You can clone transformers repo and switch to 4.18.0 version, then move the src/transformers to your project path to make it an local package. Then revise the modeling_deberta_v2.py.
thank you, going to give it a try
I'm a little confused. If transformers are modified, do we need to modify pyabsa too? How does pyabsa know which transformers to use?
No need to revise PyABSA at this issue.
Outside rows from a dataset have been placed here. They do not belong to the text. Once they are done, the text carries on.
Lemma annihilator_in_NS (M : lmodType R) :
  annihilator_in S a M -> annihilator_in (NS S) a M.
Proof. by case=> N [f [f_inj f_img SN]]; exists N, f; split; last exact: NS_of_mem. Qed.

Lemma serre_ann_submod_of_inj (N M : lmodType R) (f : {linear N -> M}) :
  serre S -> injective f -> annihilator_in S a M -> S (ann_submod a N).
Proof.
move=> serreS f_inj [N0 [f0 [f0_inj f0_img SN0]]].
apply: (serre_sub_factor serreS (k := f \o val) (t := f0)) SN0 => //.
  exact: inj_comp f_inj val_inj.
by move=> y; apply/f0_img/(annihilated_linear f)/ann_submodP.
Qed.

End ConditionC.

Theorem proposition3p6 (R : comPzRingType) (a : R -> Prop) (S : lmodType R -> Prop) :
  noetherian_ring R -> is_ideal a -> ideal_height_ge a 1 -> serre S ->
  (forall M : lmodType R, C_on (NS S) a M -> C_on S a M) /\
  (satisfies_C (NS S) a -> satisfies_C S a).
Proof.
move=> noeth a_ideal _ serreS; have [s a_span] := noeth a a_ideal.
have C_NS_C_S (M : lmodType R) : C_on (NS S) a M -> C_on S a M.
  move=> CM tors annS.
  have [N [Q [f [g [exact_fg fgN SQ]]]]] := CM tors (annihilator_in_NS annS).
  have [f_inj _ _] := exact_fg.
  apply: (serre_ext serreS exact_fg _ SQ).
  have [n kN] : exists n, forall x : N, killed_by_pow a n x.
    apply: (fin_gen_killed_by_pow fgN) => x; have [n kfx] := tors (f x).
    by exists n; apply: killed_by_pow_inj kfx.
  have SannN := serre_ann_submod_of_inj serreS f_inj annS.
  exact: (serre_of_killed_by_pow serreS a_span kN SannN).
by split=> // CNS M; apply: C_NS_C_S.
Qed.
(* Fix $\gamma\in(0,1]$ and $0<\alpha<0.25$, and let $\xi>0$ be arbitrarily small. There exist $C>0$ and $N_0$ such that for all $N\ge N_0$, $$-\frac1N\sum_{i=1}^b\big[(J^T(s^* ))^{-1}\big]_{ii}\,\tilde f_i(s^* )\le\frac{C}{N^{1-2\alpha-3\xi}}.$$
   Context: Let $N\ge1$, $\lambda=1-\gamma/N^\alpha$, and $b=b(N)\ge1$ an integer with $b=O(\log N)$. The mean-field vector field is $f_k(s)=\lambda(s_{k-1}^2-s_k^2)-(s_k-s_{k+1})$, $k=1,\dots,b$, with $s_0=1,s_{b+1}=0$; $s^*$ is its unique equilibrium in $\{s\in\mathbb R^b:1\ge s_1\ge\cdots\ge s_b\ge0\}$. $J(s^* )$ is the $b\times b$ tridiagonal Jacobian of $f$ at $s^*$ with $J_{kk}=-2\lambda s^*_k-1$, $J_{k,k+1}=1$, $J_{k+1,k}=2\lambda s^*_k$. $\tilde f_i(s)=\frac12[\lambda(s_{i-1}^2-s_i^2)+(s_i-s_{i+1})]$. (In the paper $[(J^T(s^* ))^{-1}]_{ii}=\nabla^2g(s)_{ii}$ for the solution $g$ of $\nabla g(s)\cdot J(s^* )(s-s^* )=\|s-s^*\|^2$, and the lemma is stated for $s$ with $\|s-s^*\|^{2r}\le N^{-\epsilon}$; the quantity does not depend on $s$.) *)

From HB Require Import structures.
From mathcomp Require Import all_boot all_order all_algebra.
From mathcomp Require Import all_classical all_reals all_analysis.
Set Implicit Arguments. Unset Strict Implicit. Unset Printing Implicit Defensive.
Import Order.TTheory GRing.Theory Num.Theory.
Local Open Scope ring_scope.

Section Defs.
Variable R : realType.

Definition lam (gamma alpha : R) (N : nat) : R := 1 - gamma / (N%:R `^ alpha).

(* A state s = (s_1,...,s_b) is stored as s : 'cV_b with s_k = s (k-1) 0.
   sext s k is s_k extended with boundary values s_0 = 1, s_k = 0 for k > b. *)
Definition sext (b : nat) (s : 'cV[R]_b) (k : nat) : R :=
  if k == 0%N then 1 else
  match @insub nat (fun j => (j < b)%N) 'I_b k.-1 with
  | Some i => s i ord0
  | None => 0
  end.

(* the mean-field vector field, component k = i+1 *)
Definition fvec (l : R) (b : nat) (s : 'cV[R]_b) : 'cV[R]_b :=
  \col_(i < b) (l * (sext s i ^+ 2 - sext s i.+1 ^+ 2)
                - (sext s i.+1 - sext s i.+2)).

(* tilde f, component i+1 *)
Definition ftilde (l : R) (b : nat) (s : 'cV[R]_b) (i : 'I_b) : R :=
  2^-1 * (l * (sext s i ^+ 2 - sext s i.+1 ^+ 2) + (sext s i.+1 - sext s i.+2)).

Definition in_region (b : nat) (s : 'cV[R]_b) : Prop :=
  forall k : nat, (k <= b)%N -> sext s k.+1 <= sext s k.

Definition jac (l : R) (b : nat) (s : 'cV[R]_b) : 'M[R]_b :=
  \matrix_(i < b, j < b)
    if i == j then - 2 * l * s i ord0 - 1
    else if (val j == (val i).+1)%N then 1
    else if (val i == (val j).+1)%N then 2 * l * s j ord0
    else 0.

End Defs.

From HB Require Import structures.
From mathcomp Require Import all_boot all_order all_algebra.
From mathcomp Require Import all_classical all_reals all_analysis.
From mathcomp Require Import ring lra.
Set Implicit Arguments. Unset Strict Implicit. Unset Printing Implicit Defensive.
Import Order.TTheory GRing.Theory Num.Theory.
Local Open Scope ring_scope.

(* Let r_m = 2 lambda s*_m and let y be minus the (i+1)-st column of
   (J^T)^-1, extended by y_0 = y_(b+1) = 0.  Then J^T y = -e_(i+1) is the
   three-term recurrence (y_m - y_(m-1)) - r_m (y_(m+1) - y_m) = [m = i+1].
   Below i+1 it gives y_k = Q_k (y_(k+1) - y_k), where Q_k is the sum of the
   suffix products r_j ... r_k; above i+1 it gives y_k (y_(k+1) - y_k) <= 0;
   together y_(i+1) <= Q_i + 1.  The equilibrium equations give s*_1 <= lambda
   and (1 - s*_1) r_1 ... r_k <= s*_k - s*_(k+1) <= 1, and since r is
   nonincreasing each suffix product is at most a prefix product, so
   (1 - lambda) (Q_i + 1) <= i + 1.  Hence each diagonal entry of -(J^T)^-1 is
   O(b N^alpha / gamma), tilde f_i lies in [0, 1], and b = O(ln N) =
   O(N^(alpha/2)) makes the whole sum O(N^(2 alpha - 1)). *)

Section RealSequences.
Variable R : realType.
Implicit Types (r y : nat -> R) (d : R).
If you place the transformers package in the current working dir, it would overload the transformers package installed by pip or conda, etc.
Error: Traceback (most recent call last): File "/home/shoaib/.local/lib/python3.10/site-packages/pyabsa/tasks/AspectPolarityClassification/dataset_utils/lcf/apc_utils.py", line 385, in configure_spacy_model nlp = spacy.load(config.spacy_model) File "/home/shoaib/.local/lib/python3.10/site-packages/spacy/init.py", line 54, in load return util.load_model( File "/home/shoaib/.local/lib/python3.10/site-packages/spacy/util.py", line 449, in load_model raise IOError(Errors.E050.format(name=name)) OSError: [E050] Can't find model 'en_core_web_sm'. It doesn't seem to be a Python package or a valid path to a data directory.
During handling of the above exception, another exception occurred:
Traceback (most recent call last): File "/home/shoaib/.local/lib/python3.10/site-packages/pyabsa/tasks/AspectPolarityClassification/dataset_utils/lcf/apc_utils.py", line 397, in configure_spacy_model nlp = spacy.load(config.spacy_model) File "/home/shoaib/.local/lib/python3.10/site-packages/spacy/init.py", line 54, in load return util.load_model( File "/home/shoaib/.local/lib/python3.10/site-packages/spacy/util.py", line 449, in load_model raise IOError(Errors.E050.format(name=name)) OSError: [E050] Can't find model 'en_core_web_sm'. It doesn't seem to be a Python package or a valid path to a data directory.
During handling of the above exception, another exception occurred:
Traceback (most recent call last): File "/home/shoaib/Personal Learning/PyAbsa/Test Codes/aspectTermExtractor.py", line 12, in
aspect_extractor.predict(['I love this movie, it is so great!'],
File "/home/shoaib/.local/lib/python3.10/site-packages/pyabsa/tasks/AspectTermExtraction/prediction/aspect_extractor.py", line 264, in predict
return self.batch_predict(
File "/home/shoaib/.local/lib/python3.10/site-packages/pyabsa/tasks/AspectTermExtraction/prediction/aspect_extractor.py", line 304, in batch_predict
extraction_res, sentence_res = self._extract(target_file)
File "/home/shoaib/.local/lib/python3.10/site-packages/pyabsa/tasks/AspectTermExtraction/prediction/aspect_extractor.py", line 374, in _extract
infer_features = convert_ate_examples_to_features(
File "/home/shoaib/.local/lib/python3.10/site-packages/pyabsa/tasks/AspectTermExtraction/dataset_utils/lcf/data_utils_for_inference.py", line 168, in convert_ate_examples_to_features
configure_spacy_model(config)
File "/home/shoaib/.local/lib/python3.10/site-packages/pyabsa/tasks/AspectPolarityClassification/dataset_utils/lcf/apc_utils.py", line 399, in configure_spacy_model
raise RuntimeError(
RuntimeError: Download failed, you can download en_core_web_sm manually.